Here is a link to a helpful article on "employability" in the field of music:

Here is a link to an article that, although a bit simplistic at times, makes some useful points regarding the process of becoming a music professor. Its contents are particularly relevant to prospective teachers of music performance:


Projects in Early 2009

In addition to mentoring doctoral students (who I hope to see finish their degrees soon), I will be working on several music projects in early 2009: Books, grant applications, lectures, recording sessions, program development, and research editing.


I am currently writing a chapter entitled “Ethnicity and Music Education: Sociological Dimensions” for the book Sociology and Music Education (Ed., Ruth Wright) that will be published on Ashgate Press. In recent months I have completed chapters for the books De-Canonizing Music History (Cambridge Scholars Press), Music Education for Changing Times: Guiding Visions for Practice (Springer), and Multicultural Perspectives in Music Education (Rowman-Littlefield), as well as for my own book Wind Bands and Cultural Identity in Japanese Schools (Springer), all of which will be published in 2009.


In 2009 I will be applying for funding to support some Nordic research associated with the global Sustainable Futures in Music project of Huib Schippers. I am also currently designing a proposal for a multi-national research project on the use of new music technologies in targeted urban centers of Europe, Asia, and North America.

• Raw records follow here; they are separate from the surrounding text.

(* Let $d\ge3$ and $2\le k\le d-1$. If the characteristic of $\mathbb F_q$ is sufficiently large (in terms of $d$), then the algebraic set $$\overline{\mathcal H}_k=\{x\in\overline{\mathbb F}_q^{\,d}:\ x_1^{j+1}+\cdots+x_k^{j+1}-x_{k+j}^{j+1}=0,\ j=1,\dots,d-k\}$$ is smooth at every point other than the origin if and only if $d-k\in\{1,2,3\}$. More precisely: if $d-k\ge4$ there exists $x\in\overline{\mathcal H}_k\setminus\{0\}$ at which the $(d-k)\times d$ Jacobian matrix $\big[\partial h_j/\partial x_i(x)\big]$ of $h_j(x)=x_1^{j+1}+\cdots+x_k^{j+1}-x_{k+j}^{j+1}$ has rank $<d-k$, while if $d-k\in\{1,2,3\}$ this Jacobian matrix has rank exactly $d-k$ at every $x\in\overline{\mathcal H}_k\setminus\{0\}$.
   Context: $\overline{\mathbb F}_q$ denotes the algebraic closure of the finite field $\mathbb F_q$. $\overline{\mathcal H}_k$ is absolutely irreducible of dimension $k$, and smoothness at a point is understood via the Jacobian criterion (the Jacobian of the defining equations has rank equal to $d-\dim\overline{\mathcal H}_k=d-k$). *)

From HB Require Import structures.
From mathcomp Require Import all_boot all_order all_algebra.
Set Implicit Arguments. Unset Strict Implicit. Unset Printing Implicit Defensive.
Import Order.TTheory GRing.Theory Num.Theory.
Local Open Scope ring_scope.

(* h_j(y) = y_1^{j+1} + ... + y_k^{j+1} - y_{k+j}^{j+1}, for j = j0 + 1,
   j0 = 0 .. d-k-1; coordinates are 0-based: x_i (1-based) is y (i-1). *)
Definition hfun (R : comNzRingType) (d k j0 : nat) (y : 'I_d -> R) : R :=
  \sum_(i < d | (i < k)%N) y i ^+ j0.+2
  - \sum_(i < d | i == (k + j0)%N :> nat) y i ^+ j0.+2.

Definition freeAt (F : fieldType) (d : nat) (x : 'rV[F]_d) (i : 'I_d)
  : 'I_d -> {poly F} :=
  fun l => if l == i then 'X else (x ord0 l)%:P.

Definition partial_h (F : fieldType) (d k j0 : nat) (x : 'rV[F]_d) (i : 'I_d) : F :=
  (hfun k j0 (freeAt x i))^`().[x ord0 i].

Definition jacH (F : fieldType) (d k : nat) (x : 'rV[F]_d) : 'M[F]_(d - k, d) :=
  \matrix_(j < d - k, i < d) partial_h k j x i.

Definition inH (F : fieldType) (d k : nat) (x : 'rV[F]_d) : Prop :=
  forall j0 : 'I_(d - k), hfun k j0 (fun i => x ord0 i) = 0.

(* F is an algebraic closure of F_p: algebraically closed, of characteristic p,
   and algebraic over F_p (every element lies in some finite field F_{p^n}). *)
Definition is_alg_closure_Fp (p : nat) (F : closedFieldType) : Prop :=
  p \in [pchar F] /\ forall x : F, exists2 n : nat, (0 < n)%N & x ^+ (p ^ n) = x.

From HB Require Import structures.
From mathcomp Require Import all_boot all_order all_algebra.
From mathcomp Require Import ring zify.
Import GRing.Theory.
Local Open Scope ring_scope.

Set Implicit Arguments. Unset Strict Implicit.

(* A nonzero left-kernel
   vector u of the Jacobian at a point x of H_k yields two kinds of relations:
   - a tail column k+j with u_j <> 0 forces x_(k+j) = 0, so equation j of H_k
     says that the power sum p_(j+2) of the head coordinates x_0..x_(k-1) vanishes;
   - a head column i < k gives x_i q(x_i) = 0 with q(z) = sum_t (t+2) u_t z^t.
   When d-k <= 3, q has degree <= 2: the nonzero head coordinates take at most two
   values, and since all multiplicities are nonzero in F (they are < p), the power
   sums p_(t+2) attached to the nonzero coefficients of q cannot all vanish
   (section PowerSums).  If all head coordinates vanish then so does x.
   When d-k >= 4, the point (1, -1, 0, ..., 0, r_0, r_1, ...) with
   r_j^(j+2) = 1 + (-1)^(j+2) lies on H_k, and 3 e_3 - 5 e_1 is a left-kernel vector
   of its Jacobian since x^4 = x^2 on the head and r_1 = r_3 = 0 (section
   SingularPoint). *)

Lemma natr_neq0_lt_pchar (R : nzRingType) (p n : nat) :
  p \in [pchar R] -> (0 < n)%N -> (n < p)%N -> n%:R != 0 :> R.
Proof.
move=> pcharRp n_gt0 n_lt_p; rewrite -(dvdn_pcharf pcharRp).
by apply: contraTN n_lt_p => /(dvdn_leq n_gt0); rewrite -leqNgt.
Qed.

Lemma quadratic_two_roots (F : fieldType) (c0 c1 c2 a b : F) :
  a != b -> c0 + c1 * a + c2 * a ^+ 2 = 0 -> c0 + c1 * b + c2 * b ^+ 2 = 0 ->
  c1 = - c2 * (a + b) /\ c0 = c2 * (a * b).
Proof.
move=> neq_ab qa qb.
have diff : (b - a) * (c1 + c2 * (a + b)) =
    (c0 + c1 * b + c2 * b ^+ 2) - (c0 + c1 * a + c2 * a ^+ 2) by ring.
rewrite qa qb subrr in diff.
have ec1 : c1 = - c2 * (a + b).
  move/eqP: diff; rewrite mulf_eq0 subr_eq0 eq_sym (negbTE neq_ab) addr_eq0.
  by move=> /eqP ->; rewrite mulNr.
split=> //; have -> : c0 = (c0 + c1 * a + c2 * a ^+ 2) - c1 * a - c2 * a ^+ 2 by ring.
by rewrite qa ec1; ring.
Qed.

Section PowerSums.

Variables (F : fieldType) (p : nat) (I : finType) (P : pred I) (y : I -> F).
Hypotheses (pcharFp : p \in [pchar F]) (card_lt_p : (#|I| < p)%N).

Local Notation psum e := (\sum_(i | P i) y i ^+ e).

Definition valmult (a : F) : nat := #|[set i | P i & y i == a]|.

Lemma valmult_gt0 i : P i -> (0 < valmult (y i))%N.
Proof. by move=> Pi; apply/card_gt0P; exists i; rewrite inE Pi eqxx. Qed.

Lemma valmult_add_le (a b : F) : a != b -> (valmult a + valmult b <= #|I|)%N.
Proof.
move=> neq_ab; rewrite /valmult -cardsUI.
have -> : [set i | P i & y i == a] :&: [set i | P i & y i == b] = set0.
  apply/setP => i; rewrite !inE.
  by case: (eqVneq (y i) a) => [->|]; rewrite ?(negbTE neq_ab) ?andbF.
by rewrite cards0 addn0 max_card.
Qed.

Lemma valmult_natr_neq0 (a b : F) : a != b -> (0 < valmult a)%N ->
  (valmult a)%:R != 0 :> F.
Proof.
move=> neq_ab pos; apply: natr_neq0_lt_pchar pcharFp pos _.
by apply: leq_ltn_trans card_lt_p; apply: leq_trans (valmult_add_le neq_ab); exact: leq_addr.
Qed.

Lemma psum_values (a b : F) (e : nat) : a != b ->
  (forall i, P i -> [|| y i == 0, y i == a | y i == b]) -> (0 < e)%N ->
  psum e = a ^+ e *+ valmult a + b ^+ e *+ valmult b.
Proof.
move=> neq_ab yP e_gt0.
rewrite (bigID (fun i => y i == a)) /= [X in _ + X](bigID (fun i => y i == b)) /=.
rewrite [X in _ + (_ + X)]big1 ?addr0; last first.
  move=> i /andP[/andP[Pi /negbTE ya] /negbTE yb].
  by move: (yP i Pi); rewrite ya yb !orbF => /eqP ->; rewrite expr0n gtn_eqF.
rewrite /valmult -!sumr_const.
congr (_ + _); apply: eq_big => [i|i /andP[_ /eqP ->]] //; rewrite inE //.
by case: (P i) => //=; case: (eqVneq (y i) a) => [->|]; rewrite ?(negbTE neq_ab).
Qed.

Lemma psum_one_value_neq0 (a : F) (e : nat) : a != 0 -> (exists2 i, P i & y i = a) ->
  (forall i, P i -> y i != 0 -> y i = a) -> (0 < e)%N -> psum e != 0.
Proof.
move=> a_neq0 [i0 Pi0 yi0] yP e_gt0.
rewrite (@psum_values a 0) //; last first.
  by move=> i Pi; case: (eqVneq (y i) 0) => //= yi; rewrite (yP i Pi yi) eqxx.
rewrite expr0n gtn_eqF // mul0rn addr0 -mulr_natr mulf_neq0 ?expf_neq0 //.
by apply: (valmult_natr_neq0 a_neq0); rewrite -yi0 valmult_gt0.
Qed.

(* With values in {0, a, b}, a <> b and a <> 0 occurring, p_2 and p_4 cannot both
   vanish: they would force a^2 = b^2 and then (m_a + m_b) a^2 = 0. *)
Lemma psum24_two_values (a b : F) : a != b -> a != 0 -> (exists2 i, P i & y i = a) ->
  (forall i, P i -> [|| y i == 0, y i == a | y i == b]) ->
  psum 2 = 0 -> psum 4 = 0 -> False.
Proof.
move=> neq_ab a_neq0 [i0 Pi0 yi0] yP.
rewrite (psum_values (e:=2) neq_ab yP isT) (psum_values (e:=4) neq_ab yP isT).
rewrite -!(mulr_natr (_ ^+ _)).
have na_gt0 : (0 < valmult a)%N by rewrite -yi0 valmult_gt0.
have na_neq0 := valmult_natr_neq0 neq_ab na_gt0.
have total_neq0 : (valmult a)%:R + (valmult b)%:R != 0 :> F.
  rewrite -natrD; apply: natr_neq0_lt_pchar pcharFp _ _; first by rewrite addn_gt0 na_gt0.
  exact: leq_ltn_trans (valmult_add_le neq_ab) card_lt_p.
move: (valmult a)%:R (valmult b)%:R na_neq0 total_neq0 => na nb na_neq0 total_neq0 s2 s4.
have a2_neq0 : a ^+ 2 != 0 by rewrite expf_neq0.
have a2b2 : a ^+ 2 = b ^+ 2.
  apply/eqP; rewrite -subr_eq0; apply/eqP/(mulfI (mulf_neq0 na_neq0 a2_neq0)).
  have -> : (na * a ^+ 2) * (a ^+ 2 - b ^+ 2) =
      (a ^+ 4 * na + b ^+ 4 * nb) - b ^+ 2 * (a ^+ 2 * na + b ^+ 2 * nb) by ring.
  by rewrite s2 s4 !mulr0 subr0.
have := mulf_neq0 a2_neq0 total_neq0.
by rewrite mulrDr {2}a2b2 s2 eqxx.
Qed.
(* Let $E$ be a field and $F$ a field extension of $E$. Let $X=(x_1,\dots,x_n)$ and let $$\sigma=\sum_{I\in\mathbb N^n}\alpha_IX^I\in F[[X]],\qquad \alpha_I\in F,$$ where $X^I=x_1^{i_1}\cdots x_n^{i_n}$ for $I=(i_1,\dots,i_n)$. For $1\le l\le n$ and $I\in\mathbb N^n$ define the one-variable series $$a_{I,l}=\sum_{j=0}^\infty \alpha_{J}x_l^j\in F[[x_l]],\qquad J=(i_1,\dots,i_{l-1},j,i_{l+1},\dots,i_n).$$ If $\sigma$ is algebraic over $E((X))$ (the fraction field of $E[[X]]$, viewed inside the fraction field of $F[[X]]$), then $a_{I,l}$ is algebraic over $E((x_l))$ for every $1\le l\le n$ and every $I\in\mathbb N^n$. *)

From HB Require Import structures.
From mathcomp Require Import all_boot all_order all_algebra.
Set Implicit Arguments. Unset Strict Implicit. Unset Printing Implicit Defensive.
Import Order.TTheory GRing.Theory Num.Theory.
Local Open Scope ring_scope.

Definition mindex (n : nat) := {ffun 'I_n -> nat}.

Definition mseries (R : Type) (n : nat) := mindex n -> R.

Definition mbound n (I : mindex n) : nat := (\max_(i < n) I i)%N.

(* Cauchy product: (s*t)(I) = sum_{J <= I componentwise} s(J) t(I-J). *)
Definition ms_mul (R : pzRingType) n (s t : mseries R n) : mseries R n :=
  fun I => \sum_(J : {ffun 'I_n -> 'I_(mbound I).+1} | [forall i, (J i <= I i)%N])
             s [ffun i => nat_of_ord (J i)] * t [ffun i => (I i - J i)%N].

Definition ms_one (R : pzRingType) n : mseries R n :=
  fun I => if [forall i, I i == 0%N] then 1 else 0.

Definition ms_exp (R : pzRingType) n (s : mseries R n) (k : nat) : mseries R n :=
  iter k (ms_mul s) (@ms_one R n).

Definition ms_map (E F : Type) (f : E -> F) n (s : mseries E n) : mseries F n :=
  fun I => f (s I).

(* s in F[[X]] is algebraic over E((X)) = Frac(E[[X]]), where E is embedded
   in F by the field morphism iota.  After clearing denominators this means:
   there is a polynomial sum_{k<=d} c_k Y^k with coefficients c_k in E[[X]],
   not all zero, such that sum_k c_k s^k = 0 in F[[X]]. *)
Definition ms_algebraic (E F : fieldType) (iota : {rmorphism E -> F}) n
  (s : mseries F n) : Prop :=
  exists (d : nat) (c : nat -> mseries E n),
    (exists k I, (k <= d)%N /\ c k I != 0) /\
    forall I, \sum_(k < d.+1) ms_mul (ms_map iota (c k)) (ms_exp s k) I = 0.
(* Let $G^{Init}$ be a gene tree for a gene set $\Gamma$, let $\mathcal G=\{G_1,\dots,G_k\}$ be a set of separated subtrees of $G^{Init}$ with $\bigcup_i\mathcal L(G_i)=\Gamma$, and let $G^{TR}$ be a tree for $\Gamma$ that displays every $G_i$ and is triplet respecting. Then for every node $x$ of $G^{Init}$ with $|\mathcal G(x)|\ge 2$, there exists a node $y$ of $G^{TR}$ such that $\mathcal L(y)=\mathcal L(x)$.
   Context: All trees are rooted and binary; $\mathcal L(x)$ denotes the set of leaves below node $x$ and $T[x]$ the subtree rooted at $x$. For $L'\subseteq\mathcal L(T)$, $T|_{L'}$ is obtained from the subtree rooted at $lca_T(L')$ by removing leaves not in $L'$ and suppressing internal degree-2 nodes other than the root; $T$ displays $T'$ if $T|_{\mathcal L(T')}$ is isomorphic to $T'$ preserving leaf labels. $\mathcal G$ is a set of separated subtrees of $G^{Init}$ if $G_i=G^{Init}[v_i]$ for pairwise separated nodes $v_i$ (none an ancestor of another). For a node $x$ of $G^{Init}$, $\mathcal G(x)$ is the set of trees of $\mathcal G$ that are subtrees of $G^{Init}[x]$. A tree $G^{TR}$ for $\Gamma$ displaying every $G_i$ is triplet respecting if for any three distinct trees $G_{i_1},G_{i_2},G_{i_3}\in\mathcal G$ and genes $a\in\mathcal L(G_{i_1})$, $b\in\mathcal L(G_{i_2})$, $c\in\mathcal L(G_{i_3})$, $G^{Init}|_{\{a,b,c\}}=G^{TR}|_{\{a,b,c\}}$. *)

From mathcomp Require Import all_boot.
From Stdlib Require List.
Set Implicit Arguments. Unset Strict Implicit. Unset Printing Implicit Defensive.

Inductive tree (A : Type) : Type :=
| Leaf of A
| Node of tree A & tree A.
Arguments Leaf {A}.
Arguments Node {A}.

Section Trees.
Variable A : eqType.

Fixpoint leaves (t : tree A) : seq A :=
  match t with Leaf a => [:: a] | Node l r => leaves l ++ leaves r end.

(* Nodes of T, identified with the subtrees T[x] rooted at them
   (with pairwise distinct leaf labels this identification is faithful). *)
Fixpoint subtrees (t : tree A) : seq (tree A) :=
  match t with
  | Leaf _ => [:: t]
  | Node l r => t :: (subtrees l ++ subtrees r)
  end.

Definition tree_for (Gamma : seq A) (t : tree A) : Prop :=
  uniq (leaves t) /\ leaves t =i Gamma.

(* T|_{L'}: keep leaves in L', take the subtree at their lca and suppress
   degree-2 nodes; None when no leaf of T lies in L'. *)
Fixpoint restrict (L : pred A) (t : tree A) : option (tree A) :=
  match t with
  | Leaf a => if L a then Some (Leaf a) else None
  | Node l r =>
      match restrict L l, restrict L r with
      | Some l', Some r' => Some (Node l' r')
      | Some l', None => Some l'
      | None, Some r' => Some r'
      | None, None => None
      end
  end.

Fixpoint iso (t u : tree A) : bool :=
  match t, u with
  | Leaf a, Leaf b => a == b
  | Node l r, Node l' r' => (iso l l' && iso r r') || (iso l r' && iso r l')
  | _, _ => false
  end.

Definition opt_iso (t u : option (tree A)) : bool :=
  match t, u with
  | Some t, Some u => iso t u
  | None, None => true
  | _, _ => false
  end.

Definition displays (t t' : tree A) : bool :=
  opt_iso (restrict (fun a => a \in leaves t') t) (Some t').

(* Gs : 'I_k -> tree A is a set of separated subtrees of GI:
   each Gs i is GI[v_i] for a node v_i of GI, and for i <> j
   v_i is not a descendant (or equal) of v_j. *)
Definition separated_subtrees (GI : tree A) (k : nat) (Gs : 'I_k -> tree A) : Prop :=
  (forall i, Stdlib.Lists.List.In (Gs i) (subtrees GI)) /\
  (forall i j, i != j -> ~ Stdlib.Lists.List.In (Gs i) (subtrees (Gs j))).

Definition triplet_respecting (GI : tree A) (k : nat) (Gs : 'I_k -> tree A)
    (GTR : tree A) : Prop :=
  forall i1 i2 i3 : 'I_k, i1 != i2 -> i1 != i3 -> i2 != i3 ->
  forall a b c, a \in leaves (Gs i1) -> b \in leaves (Gs i2) -> c \in leaves (Gs i3) ->
    opt_iso (restrict (fun g => g \in [:: a; b; c]) GI)
            (restrict (fun g => g \in [:: a; b; c]) GTR).

End Trees.

(* A cluster of a tree with distinct leaf labels is characterised by separations: a
   nonempty set X of leaves is the leaf set of a node as soon as, for every leaf c
   outside X, some node contains X but not c (clusters sharing a leaf are nested, so
   descending into the child containing X must stop exactly at X).  Take X = L(x).
   Leaves a, b of x from two different trees of the family, together with c (which
   lies in a third tree, since the trees meeting x lie below x), form a triplet ab|c
   in G^Init, witnessed by x; triplet respect carries it over to G^TR.  Chaining these
   triplets through two fixed leaves a0 in G_i and b0 in G_j, and merging the nested
   clusters that share a0, gives a node of G^TR containing all of L(x) and avoiding c. *)
From mathcomp Require Import all_boot.
From Stdlib Require List.
Import Stdlib.Lists.List (In, in_or_app, in_app_or).
Set Implicit Arguments. Unset Strict Implicit.

Section Clusters.
Variable A : eqType.
Implicit Types (t u w z : tree A) (S : pred A) (X : seq A).

Lemma subtree_refl t : In t (subtrees t).
Proof. by case: t => /= *; left. Qed.

Lemma in_subtrees_Node l r z :
  In z (subtrees (Node l r)) -> [\/ Node l r = z, In z (subtrees l) | In z (subtrees r)].
Proof.
case=> [<-|zlr]; first by constructor 1.
by case: (in_app_or _ _ _ zlr); [constructor 2|constructor 3].
Qed.

Lemma subtree_Nodel l r z : In z (subtrees l) -> In z (subtrees (Node l r)).
Proof. by move=> zl; right; apply: in_or_app; left. Qed.

Lemma subtree_Noder l r z : In z (subtrees r) -> In z (subtrees (Node l r)).
Proof. by move=> zr; right; apply: in_or_app; right. Qed.

Lemma subtree_trans t u z : In u (subtrees t) -> In z (subtrees u) -> In z (subtrees t).
Proof.
elim: t => [a|l IHl r IHr]; first by case=> // <-.
case/in_subtrees_Node => [<- //|ul|ur] zu.
  exact: subtree_Nodel (IHl ul zu).
exact: subtree_Noder (IHr ur zu).
Qed.

Lemma leaves_subtree t z : In z (subtrees t) -> {subset leaves z <= leaves t}.
Proof.
elim: t => [a|l IHl r IHr] /=; first by case=> // <-.
case/in_subtrees_Node => [<- //|zl|zr] g gz; rewrite mem_cat.
  by rewrite (IHl zl g gz).
by rewrite (IHr zr g gz) orbT.
Qed.

Lemma exists_leaf t : exists a, a \in leaves t.
Proof.
elim: t => [a|l [a al] r _] /=; first by exists a; rewrite inE.
by exists a; rewrite mem_cat al.
Qed.

Lemma subtrees_nested t z w a :
  uniq (leaves t) -> In z (subtrees t) -> In w (subtrees t) ->
  a \in leaves z -> a \in leaves w -> In z (subtrees w) \/ In w (subtrees z).
Proof.
elim: t => [b|l IHl r IHr] /=.
  by move=> _ [<-|//] [<-|//] _ _; left; apply: subtree_refl.
rewrite cat_uniq => /and3P [Ul lr Ur].
have lr_disj g : g \in leaves l -> g \in leaves r -> False.
  by move=> gl gr; move/hasP: lr; apply; exists g.
case/in_subtrees_Node => [<-|zl|zr]; first by right.
- case/in_subtrees_Node => [<-|wl|wr] az aw; first by left; apply: subtree_Nodel.
    exact: IHl.
  by case: (lr_disj a); [apply: leaves_subtree zl _ az|apply: leaves_subtree wr _ aw].
- case/in_subtrees_Node => [<-|wl|wr] az aw; first by left; apply: subtree_Noder.
    by case: (lr_disj a); [apply: leaves_subtree wl _ aw|apply: leaves_subtree zr _ az].
  exact: IHr.
Qed.

Lemma leaves_restrict S t : oapp (@leaves A) [::] (restrict S t) = filter S (leaves t).
Proof.
elim: t => [a|l IHl r IHr] /=; first by case: (S a).
rewrite filter_cat -IHl -IHr.
by case: (restrict S l) => [l'|]; case: (restrict S r) => [r'|] //=; rewrite cats0.
Qed.

Lemma restrict_subtree S t z z' : In z (subtrees t) -> restrict S z = Some z' ->
  exists t', restrict S t = Some t' /\ In z' (subtrees t').
Proof.
elim: t => [a|l IHl r IHr].
  by case=> // <- Ez; exists z'; split; [|apply: subtree_refl].
case/in_subtrees_Node => [<-|zl|zr] Ez; first by exists z'; split; [|apply: subtree_refl].
- have [l' [/= -> z'l']] := IHl zl Ez.
  case: (restrict S r) => [r'|]; last by exists l'.
  by exists (Node l' r'); split => //; apply: subtree_Nodel.
- have [r' [/= -> z'r']] := IHr zr Ez.
  case: (restrict S l) => [l'|]; last by exists r'.
  by exists (Node l' r'); split => //; apply: subtree_Noder.
Qed.

Lemma subtree_restrict S t t' z' : restrict S t = Some t' -> In z' (subtrees t') ->
  exists z, In z (subtrees t) /\ restrict S z = Some z'.
Proof.
elim: t t' => [a|l IHl r IHr] t' /=.
  case Sa: (S a) => //; case=> <- /= [<-|//].
  by exists (Leaf a); split; [left|rewrite /= Sa].
case El: (restrict S l) => [l'|]; case Er: (restrict S r) => [r'|] // [<-].
- case/in_subtrees_Node => [<-|z'l|z'r].
  + by exists (Node l r); split; [left|rewrite /= El Er].
  + by have [z [zl ?]] := IHl _ El z'l; exists z; split => //; apply: subtree_Nodel.
  + by have [z [zr ?]] := IHr _ Er z'r; exists z; split => //; apply: subtree_Noder.
- by move=> z'l; have [z [zl ?]] := IHl _ El z'l; exists z; split => //; apply: subtree_Nodel.
- by move=> z'r; have [z [zr ?]] := IHr _ Er z'r; exists z; split => //; apply: subtree_Noder.
Qed.

Lemma iso_leaves t u : iso t u -> leaves u =i leaves t.
Proof.
elim: t u => [a|l IHl r IHr] [b|l' r'] //=; first by move/eqP->.
case/orP=> /andP [isol isor] g; rewrite !mem_cat (IHl _ isol) (IHr _ isor) //.
exact: orbC.
Qed.

Lemma iso_subtree t u z : iso t u -> In z (subtrees t) ->
  exists w, In w (subtrees u) /\ leaves w =i leaves z.
Proof.
elim: t u => [a|l IHl r IHr] [b|l' r'] //=.
  by move/eqP=> -> [<-|//]; exists (Leaf b); split; [left|].
move=> isolr; case/in_subtrees_Node => [<-|zl|zr].
  by exists (Node l' r'); split; [left|exact: (@iso_leaves (Node l r) (Node l' r') isolr)].
- have [u [isou ul']] : exists u, iso l u /\ In u (subtrees (Node l' r')).
    case/orP: isolr => /andP [isol _].
      by exists l'; split => //; apply/subtree_Nodel/subtree_refl.
    by exists r'; split => //; apply/subtree_Noder/subtree_refl.
  have [w [wu lw]] := IHl _ isou zl.
  by exists w; split => //; apply: subtree_trans ul' wu.
- have [u [isou ul']] : exists u, iso r u /\ In u (subtrees (Node l' r')).
    case/orP: isolr => /andP [_ isor].
      by exists r'; split => //; apply/subtree_Noder/subtree_refl.
    by exists l'; split => //; apply/subtree_Nodel/subtree_refl.
  have [w [wu lw]] := IHr _ isou zr.
  by exists w; split => //; apply: subtree_trans ul' wu.
Qed.

Definition separates t X (c : A) :=
  exists z, [/\ In z (subtrees t), {subset X <= leaves z} & c \notin leaves z].

Lemma separates_sub t X Y c :
  {subset Y <= X} -> separates t X c -> separates t Y c.
Proof. by move=> YX [z [zt Xz cz]]; exists z; split=> // g /YX /Xz. Qed.

Lemma separates_cat t X Y b c : uniq (leaves t) -> b \in X -> b \in Y ->
  separates t X c -> separates t Y c -> separates t (X ++ Y) c.
Proof.
move=> Ut bX bY [z [zt Xz cz]] [w [wt Yw cw]].
have [zw|wz] := subtrees_nested Ut zt wt (Xz _ bX) (Yw _ bY).
  by exists w; split=> // g; rewrite mem_cat => /orP [/Xz /(leaves_subtree zw)|/Yw].
by exists z; split=> // g; rewrite mem_cat => /orP [/Xz|/Yw /(leaves_subtree wz)].
Qed.

Lemma separates_cons t a s c : uniq (leaves t) -> separates t [:: a] c ->
  (forall b, b \in s -> separates t [:: a; b] c) -> separates t (a :: s) c.
Proof.
move=> Ut; elim: s => [//|b s IHs] sep_a sep_ab.
have sep_as : separates t (a :: s) c.
  by apply: IHs => // b' b's; apply: sep_ab; rewrite inE b's orbT.
have sep_ab' := sep_ab b (mem_head b s).
apply: separates_sub (separates_cat Ut (mem_head a s) (mem_head a [:: b]) sep_as sep_ab').
by move=> g; rewrite !inE mem_cat !inE; case/or3P => ->; rewrite ?orbT.
Qed.

Lemma separates_restrict S t1 t2 X a c :
  opt_iso (restrict S t1) (restrict S t2) -> a \in X -> {subset X <= S} -> c \in S ->
  separates t1 X c -> separates t2 X c.
Proof.
move=> iso12 aX XS cS [z [zt1 Xz cz]].
have z_restr := leaves_restrict S z.
case Ez: (restrict S z) z_restr => [z'|] /= z_restr; last first.
  have : a \in filter S (leaves z) by rewrite mem_filter; apply/andP; split; [apply: XS|apply: Xz].
  by rewrite -z_restr.
have [t1' [Et1 z't1']] := restrict_subtree zt1 Ez.
move: iso12; rewrite Et1; case Et2: (restrict S t2) => [t2'|] // iso12.
have [w [wt2' lw]] := iso_subtree iso12 z't1'.
have [z2 [z2t2 Ez2]] := subtree_restrict Et2 wt2'.
have z2_restr := leaves_restrict S z2; rewrite Ez2 /= in z2_restr.
have w_filter g : (g \in leaves w) = S g && (g \in leaves z).
  by rewrite lw z_restr mem_filter.
exists z2; split=> // [g gX|].
  have : g \in leaves w by rewrite w_filter; apply/andP; split; [apply: XS|apply: Xz].
  by rewrite z2_restr mem_filter => /andP [].
apply: contra cz => cz2.
have : c \in leaves w by rewrite z2_restr mem_filter cz2 andbT; apply: cS.
by rewrite w_filter => /andP [].
Qed.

I will be giving lectures on music-related topics in ten countries in 2009. The first of these is a keynote lecture on “How Music Education Research Approaches Music” in Orebro, Sweden for the Nordic Network of Research in Music Education. The topics of other presentations include “Virtuality and Music Education in Online Environments,” “On Maori music,” and “Institutionalizing Popular Music Pedagogy: Lessons from Jazz Education.” I am also currently planning a conference presentation in collaboration with Marja Heimonen.


I will finally be spending some time in the recording studio in early 2009 to record several new original songs I wrote over the past few years. I am also producing some original music for New Zealand playwright Susan Battye's Telling Tales book series and singing with Kampin Laulu in a recording session for their CD on Alba Records.

Program Development

Lauri Vakeva and I have recently developed a proposal for a Master of Music degree with emphasis in popular music pedagogy, for which we will be seeking partnerships and external funding from music industry and various foundations. As a member of the GLOMUS network of Nordic higher education music academies, I am also contributing to development of a new inter-institutional Nordic Master of World Music degree.


Soon the editorial board will release a "Call for Papers" for a special issue of the Finnish Journal of Music Education on multicultural music education, for which I am serving as Guest Editor in mid-2009. I am also continuing on the Editorial Board of Research and Issues in Music Education and as Associate Editor of International Journal of Education and the Arts for at least a few more months. Alexandra Kertz-Welzel and I will also move forward with resubmitting our proposal for a co-edited book to academic publishers.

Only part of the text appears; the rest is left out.